Steve Welch is a Pennsylvania businessman who ran as a Republican for the United States Senate in the 2012 election, losing to Tom Smith in the primary.

Welch was endorsed by Governor Corbett, State Republican Party, Philadelphia Inquirer and Pittsburgh Post Gazette.

Welch was raised in Chester County, Pennsylvania, where he still resides in the borough of Malvern.  Welch, a former Democrat, graduated from Unionville High School and earned an engineering degree from Penn State University.

In 2001, he founded a pharmaceutical company, Mitos, that made flu vaccines more efficient.  Welch sold Mitos to Parker Hannifin in July 2007.

He later founded two other companies, DreamIt Ventures, which helps new businesses get started, and KinderTown, an educational technology business.

In 2013 Welch sold KinderTown to Demme Learning.

Forbes ranked DreamIt Ventures the number 3 accelerator in the world.

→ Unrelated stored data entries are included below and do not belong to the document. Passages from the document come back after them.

(* A neighbour is determined by its coordinate offsets, each in {-1, 0, 1}. *)
Lemma card_adj_le v : (#|[set w | adj v w]| <= 27)%N.
Proof.
pose offset (z : Z) : 'I_3 := Ordinal (ltn_pmod (Z.to_nat (z + 1)) (isT : (0 < 3)%N)).
pose phi w := (offset (Defs.c1 (val w) - Defs.c1 (val v)),
               offset (Defs.c2 (val w) - Defs.c2 (val v)),
               offset (Defs.c3 (val w) - Defs.c3 (val v))).
have phi_inj : {in [set w | adj v w] &, injective phi}.
  move=> w w'; rewrite !inE !adj_coords /closeb /coords /=.
  move=> /and4P [_ /Z.leb_le h1 /Z.leb_le h2 /Z.leb_le h3].
  move=> /and4P [_ /Z.leb_le h1' /Z.leb_le h2' /Z.leb_le h3'].
  case; rewrite !modn_small; try lia.
  by move=> e1 e2 e3; apply: coords_inj; rewrite /coords /=; congr (_, _, _); lia.
rewrite -(card_in_imset phi_inj); apply: leq_trans (max_card _) _.
by rewrite !card_prod !card_ord.
Qed.

(* A vertex is determined by its first two coordinates and the sign of the third. *)
Lemma card_V_le : (#|V n| <= (2 * n + 1) * (2 * n + 1) * 2)%N.
Proof.
pose psi v := ((val v).1.1, (val v).1.2, 0 <=? Defs.c3 (val v)).
have psi_inj : injective psi.
  move=> v w [e1 e2 e3]; apply: coords_inj.
  move: (norm1_coords v) (norm1_coords w) e3; rewrite /coords /norm1 /Defs.c1 /Defs.c2 /= e1 e2.
  move=> nv nw {}e3; congr (_, _, _); move: e3 nv nw.
  by do 2 case: Z.leb_spec; lia.
by apply: leq_trans (leq_card _ psi_inj) _; rewrite !card_prod !card_ord card_bool.
Qed.

End Octahedron.

Section Distance.
Variable n : nat.
Implicit Types u v w : V n.

Lemma mem_ball_adj u k v w : v \in ball u k -> adj v w -> w \in ball u k.+1.
Proof.
by move=> hv hvw; rewrite /= !inE; apply/orP; right; apply/existsP; exists v; rewrite hv.
Qed.

Lemma dist_le u w k : w \in ball u k -> (Defs.dist u w <= k)%N.
Proof.
move=> hw; rewrite /Defs.dist; case: (ltnP k #|V n|) => hk.
  rewrite leqNgt; apply/negP => /(before_find 0%N).
  by rewrite nth_iota // add0n hw.
by apply: leq_trans (find_size _ _) _; rewrite size_iota.
Qed.

Lemma dist_gt0 u w : w != u -> (0 < Defs.dist u w)%N.
Proof.
move=> wu; rewrite lt0n; apply: contraNneq wu; rewrite /Defs.dist => d0.
have V_gt0 : (0 < #|V n|)%N by apply/card_gt0P; exists u.
have hw : has (fun k => w \in ball u k) (iota 0 #|V n|) by rewrite has_find d0 size_iota.
by have := nth_find 0%N hw; rewrite d0 nth_iota // inE.
Qed.

End Distance.

Section Descent.
Variables (n : nat) (u : V n) (k : nat).
Hypothesis k_le3 : (k <= 3)%N.

(* Rotating coordinates [k] times brings the coordinate along which we descend
   into first position; rotating [3 - k] more times undoes this. *)
Definition descent_start : Z3 := iter k rotZ3 (coords u).

Definition descent_len : nat := Z.to_nat (Z.abs descent_start.1.1).

Definition descent_vertex (j s : nat) : V n :=
  vertex_at u (iter (3 - k) rotZ3 (descent descent_start j s)).

Lemma norm1_descent_vertex j s : (j <= descent_len)%N ->
  norm1 (iter (3 - k) rotZ3 (descent descent_start j s)) = Z.of_nat n.
Proof.
move=> hj; rewrite norm1_rotZ3 norm1_descent; last by rewrite /descent_len in hj; lia.
by rewrite norm1_rotZ3 norm1_coords.
Qed.
Lemma big_ord_add_le n a (G : nat -> W) :
  \sum_(k < n.+1) (if (a + k <= n)%N then G k else 0) =
  if (a <= n)%N then \sum_(0 <= k < (n - a).+1) G k else 0.
Proof.
case: leqP => lean.
  rewrite (big_nat_widen 0 _ n.+1) ?ltnS ?leq_subr // big_mkord [RHS]big_mkcond.
  by apply: eq_bigr => k _; rewrite /= ltnS leq_subRL.
rewrite big1 // => k _; case: ifP => // akn; move: lean.
by rewrite ltnNge (leq_trans (leq_addr _ _) akn).
Qed.

End Convolution.

Lemma big_bool_supp1 (W : zmodType) (G : bool -> W) d :
  G (~~ d) = 0 -> \sum_(b : bool) G b = G d.
Proof. by rewrite big_bool; case: d => -> /=; rewrite ?addr0 ?add0r. Qed.

Lemma addr_rearrange8 (W : zmodType) (a b c d e f u v : W) :
  u + v = b + a + (d + c) + (f + e) -> b + d - u + f + a - v + c + e = 0.
Proof.
move=> uv; pose G := nth 0 [:: a; b; c; d; e; f; - u; - v].
have -> : b + d - u + f + a - v + c + e = \sum_(i <- [:: 1; 3; 6; 5; 0; 7; 2; 4]%N) G i.
  by rewrite !big_cons big_nil /= !addrA addr0.
rewrite (perm_big [:: 1; 0; 3; 2; 5; 4; 6; 7]%N) // !big_cons big_nil /= addr0.
by rewrite /G /= !addrA -addrA -opprD uv !addrA subrr.
Qed.

Section Rigidity.
Variables (K : fieldType) (T0 T1 : lmodType K).
Local Notation V := (T0 * T1)%type.
Local Notation ser := (@ser K T0 T1).
Local Notation lin := (@linear1 K T0 T1).
Local Notation hom := (@homog K T0 T1).
Local Notation shom := (@shom K T0 T1).
Local Notation sadd := (@sadd K T0 T1).
Local Notation sscl := (@sscl K T0 T1).
Local Notation szero := (@szero K T0 T1).
Implicit Types (x y z : V) (X Y Z : ser) (g : V -> V) (F : V -> V -> V -> V)
  (P Q : nat -> V -> V).

Lemma ext1_conv P X n : ext1 P X n = conv n (fun i j => P i (X j)).
Proof.
rewrite /ext1 /conv -(big_mkord xpredT (fun i => \sum_(j < n.+1 | (i + j)%N == n) P i (X j))).
apply: eq_big_nat => i /andP[_ ltin].
by rewrite (big_ord_add_eq n i (fun j => P i (X j))) -ltnS ltin.
Qed.

Lemma ext3_conv (f : nat -> V -> V -> V -> V) X Y Z n :
  ext3 f X Y Z n =
  conv n (fun i r => conv r (fun j s => conv s (fun k l => f i (X j) (Y k) (Z l)))).
Proof.
rewrite /ext3 /conv -(big_mkord xpredT (fun i => \sum_(j < n.+1) \sum_(k < n.+1)
  \sum_(l < n.+1 | (i + j + k + l)%N == n) f i (X j) (Y k) (Z l))).
apply: eq_big_nat => i /andP[_ ltin].
transitivity (\sum_(j < n.+1) if (i + j <= n)%N then
   \sum_(0 <= k < (n - (i + j)).+1) f i (X j) (Y k) (Z (n - (i + j + k)))%N else 0).
  apply: eq_bigr => j _; rewrite -big_ord_add_le; apply: eq_bigr => k _.
  by rewrite (big_ord_add_eq n (i + j + k) (fun l => f i (X j) (Y k) (Z l))).
rewrite (big_ord_add_le n i (fun j => \sum_(0 <= k < (n - (i + j)).+1)
                                   f i (X j) (Y k) (Z (n - (i + j + k))%N))).
rewrite -ltnS ltin; apply: eq_big_nat => j _.
by rewrite !subnDA; apply: eq_big_nat => k _; rewrite !subnDA.
Qed.

Lemma linear1_0 g : lin g -> g 0 = 0.
Proof.
move=> lin_g; have := lin_g 1 0 0; rewrite !scale1r addr0 => g0.
by apply: (addrI (g 0)); rewrite addr0 -g0.
Qed.

Lemma linear1D g : lin g -> forall x y, g (x + y) = g x + g y.
Proof. by move=> lin_g x y; have := lin_g 1 x y; rewrite !scale1r. Qed.
Theorem mainTheorem6 (R : rcfType) (n l : nat) (deg : 'I_n -> nat)
    (br : 'rV[R]_n -> 'rV[R]_n -> 'rV[R]_n) (I : 'rV[R]_n -> 'rV[R]_n)
    (j : int) (X : Rep R n) :
  nondeg_pseudo_complex_FGLA l deg br I ->
  gdeg deg br I j X ->
  exists F : 'rV[R[i]]_n -> 'rV[R[i]]_n,
    inf_CR_aut deg br I X F /\ weighted_homogeneous deg I j F.
Proof.
move=> [[deg_range _] [brDl brDr _ _] br_hom _ [_ [I_lin I_hom1 _ _]]] X_j.
exists (CR_field l deg br I j X); split.
  exact: (CR_field_inf_CR_aut deg_range brDl brDr br_hom).
exact: (CR_field_homogeneous deg_range brDl brDr br_hom I_lin I_hom1).
Qed.
Lemma exists_orthogonal3 G a b c :
  exists2 w : vec R, w != 0 & [/\ bil G a w = 0, bil G b w = 0 & bil G c w = 0].
Proof.
pose A := col_mx (a^T *m G) (col_mx (b^T *m G) (c^T *m G)).
have : kermx A^T != 0.
  by rewrite -mxrank_eq0 mxrank_ker mxrank_tr -lt0n; have := rank_leq_row A; lia.
case/rowV0Pn => r /sub_kermxP rA r0.
have : A *m r^T = 0 by rewrite -[A]trmxK -trmx_mul rA trmx0.
rewrite !mul_col_mx => /eqP; rewrite !col_mx_eq0 => /and3P [/eqP ha /eqP hb /eqP hc].
by exists r^T; rewrite ?trmx_eq0 // /bil ha hb hc !mxE.
Qed.

End Bilinear.

Section AlmostContactBMetric.
Variables (R : realType) (F : 'M[R]_5) (xi : vec R) (e : 'rV[R]_5) (G : 'M[R]_5).
Hypothesis acB : acBmetric F xi e G.
Local Notation g := (bil G).
Local Notation eta := (Defs.form e).
Implicit Types (x y u v : vec R).

Lemma F_xi : F *m xi = 0.
Proof. by case: acB => [[]]. Qed.

Lemma FF v : F *m (F *m v) = - v + eta v *: xi.
Proof.
case: acB => [[_ FF_eq _ _] _]; rewrite mulmxA FF_eq mulmxDl mulNmx mul1mx.
by rewrite -mulmxA [e *m v]mx11_scalar mul_mx_scalar.
Qed.

Lemma eta_F v : eta (F *m v) = 0.
Proof. by case: acB => [[_ _ eF _] _]; rewrite /Defs.form mulmxA eF mul0mx mxE. Qed.

Lemma eta_xi : eta xi = 1.
Proof. by case: acB => [[]]. Qed.

Lemma g_sym x y : g x y = g y x.
Proof.
case: acB => [_ [GT _ _]]; rewrite /bil.
transitivity ((x^T *m G *m y)^T 0 0); first by rewrite [RHS]mxE.
by rewrite !trmx_mul trmxK GT mulmxA.
Qed.

Lemma g_FF x y : g (F *m x) (F *m y) = - g x y + eta x * eta y.
Proof. by case: acB => [_ [_ _ compat]]; rewrite (compat x y); ring. Qed.

Lemma g_xi x : g x xi = eta x.
Proof.
case: acB => [_ [_ _ compat]].
by rewrite compat F_xi /bil mulmx0 mxE eta_xi; ring.
Qed.

Lemma g_Fl x y : g (F *m x) y = g x (F *m y).
Proof.
case: acB => [_ [_ _ compat]].
by rewrite (compat x (F *m y)) FF bilDr bilZr g_xi !eta_F -scaleN1r bilZr; ring.
Qed.

Lemma g_Fsym x y : g x (F *m y) = g y (F *m x).
Proof. by rewrite -g_Fl g_sym. Qed.

Lemma g_FFr x y : g x (F *m (F *m y)) = - g x y + eta x * eta y.
Proof. by rewrite -g_Fl g_FF. Qed.

Definition totally_real_pair x y :=
  [/\ eta x = 0, eta y = 0, g x (F *m x) = 0, g y (F *m y) = 0 & g x (F *m y) = 0].

Definition phi_frame x y : 5.-tuple (vec R) := [tuple x; F *m x; y; F *m y; xi].

Lemma phi_frame_basis x y : totally_real_pair x y ->
  g x y = 0 -> g x x != 0 -> g y y != 0 -> basis_of fullv (phi_frame x y).
Proof.
move=> [ex ey gxFx gyFy gxFy] gxy nx ny.
rewrite basisEfree subvf dimvf andbT /=.
apply: (free_orthogonal (X := phi_frame x y) g_sym).
  move=> [|[|[|[|[|i]]]]] [|[|[|[|[|j]]]]];
  rewrite ?ltnS ?ltn0 ?andbF ?andFb //= => _;
  by rewrite ?g_FF ?g_xi ?g_Fl ?eta_F ?ex ?ey ?gxFx ?gyFy ?gxFy ?gxy; ring.
move=> [|[|[|[|[|i]]]]] //= _; rewrite ?g_FF ?g_xi ?eta_xi ?ex ?ey ?mulr0 ?addr0
  ?oppr_eq0 ?oner_eq0 //.
Qed.

Lemma G_unit : G \in unitmx.
Proof.
case: acB => _ [_ [P _ PGP] _].
have : P^T *m G *m P \in unitmx.
  rewrite PGP unitmxE det_diag !big_ord_recl big_ord0 !mxE /=.
  by rewrite !mulN1r !mul1r opprK unitr1.
by rewrite !unitmx_mul => /andP [/andP [_ ->]].
Qed.

Lemma g_nondegenerate u : u != 0 -> exists v, g u v != 0.
Proof.
move=> u_neq0; have : u^T *m G != 0.
  apply: contraNneq u_neq0 => uG.
  by rewrite -trmx_eq0 -(mulmxK G_unit u^T) uG mul0mx.
case/matrix0Pn => i [j uGj]; exists (delta_mx j 0).
by rewrite /bil -colE mxE -(ord1 i).
Qed.

Lemma exists_g_eqN1 : exists p, g p p = -1.
Proof.
case: acB => _ [_ [P _ PGP] _]; exists (col 0 P).
by rewrite /bil tr_col -row_mul colE mulmxA -colE -row_mul PGP !mxE /= mulr1n.
Qed.

(* With h = g u u and k = g u (F u), the vector v = u + b F u has
   g v v + i g v (F v) = (h + i k) (1 - i b)^2, so b can make the second
   component vanish while the first stays nonzero. *)
Lemma rotate_totally_real u : eta u = 0 -> g u u != 0 ->
  exists b : R, g (u + b *: (F *m u)) (u + b *: (F *m u)) != 0 /\
    g (u + b *: (F *m u)) (F *m (u + b *: (F *m u))) = 0.
Proof.
move=> eu nu; set h := g u u; set k := g u (F *m u).
have gvv b : g (u + b *: (F *m u)) (u + b *: (F *m u)) = h + 2 * b * k - b ^+ 2 * h.
  by rewrite !bilDl !bilDr !bilZl !bilZr g_FF g_Fl eu -/h -/k; ring.
have gvFv b : g (u + b *: (F *m u)) (F *m (u + b *: (F *m u))) =
    k - 2 * b * h - b ^+ 2 * k.
  rewrite mulmxDr -scalemxAr !bilDl !bilDr !bilZl !bilZr !g_FFr g_FF g_Fl ?eta_F eu.
  by rewrite -/h -/k; ring.
have norm_id b : (h + 2 * b * k - b ^+ 2 * h) ^+ 2 + (k - 2 * b * h - b ^+ 2 * k) ^+ 2
    = (h ^+ 2 + k ^+ 2) * (1 + b ^+ 2) ^+ 2 by ring.
suff [b gvFv0] : exists b, k - 2 * b * h - b ^+ 2 * k = 0.
  exists b; rewrite gvv gvFv; split=> //; apply/eqP => gvv0.
  have := norm_id b; rewrite gvv0 gvFv0 expr0n addr0 /= => /esym /eqP.
  rewrite mulf_eq0 !expf_eq0 /= paddr_eq0 ?sqr_ge0 // sqrf_eq0 (negbTE nu) /=.
  by apply/negP; rewrite gt_eqF // ltr_pwDl ?sqr_ge0.
have [k0|k_neq0] := eqVneq k 0; first by exists 0; rewrite k0; ring.
pose r := Num.sqrt (h ^+ 2 + k ^+ 2).
have r2 : r ^+ 2 = h ^+ 2 + k ^+ 2 by rewrite sqr_sqrtr // addr_ge0 // sqr_ge0.
exists ((r - h) / k); apply: (mulfI k_neq0); rewrite mulr0.
have kb : k * ((r - h) / k) = r - h by rewrite mulrC divfK.
transitivity (k ^+ 2 - 2 * h * (k * ((r - h) / k)) - (k * ((r - h) / k)) ^+ 2).
  by ring.
by rewrite kb; transitivity (h ^+ 2 + k ^+ 2 - r ^+ 2); [ring | rewrite r2 subrr].
Qed.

In 2015 Welch and friend, Jim Donnelly, co-founded Restore Cryotherapy  to provide whole body cryotherapy, IV infusion and compression therapy directly to the consumer in retail outlets.  In 2015 they opened locations in Austin, TX and Charlotte, NC but were planning to open more stores in 2016.

Since moving to Austin, TX in 2013 Steve has become known for his volunteer work in early childhood education.  Steve has helped build the Steiner Ranch Math Pentathlon program and led several Destination Imagination teams to States and Global finals,.

While Steve is known for his work in early childhood education he also worked with children's hospitals including Children Hospital of Philadelphia to help these organizations innovate more quickly to provide the life saving products and services to the pediatric market.

References

Living people
American businesspeople
Year of birth missing (living people)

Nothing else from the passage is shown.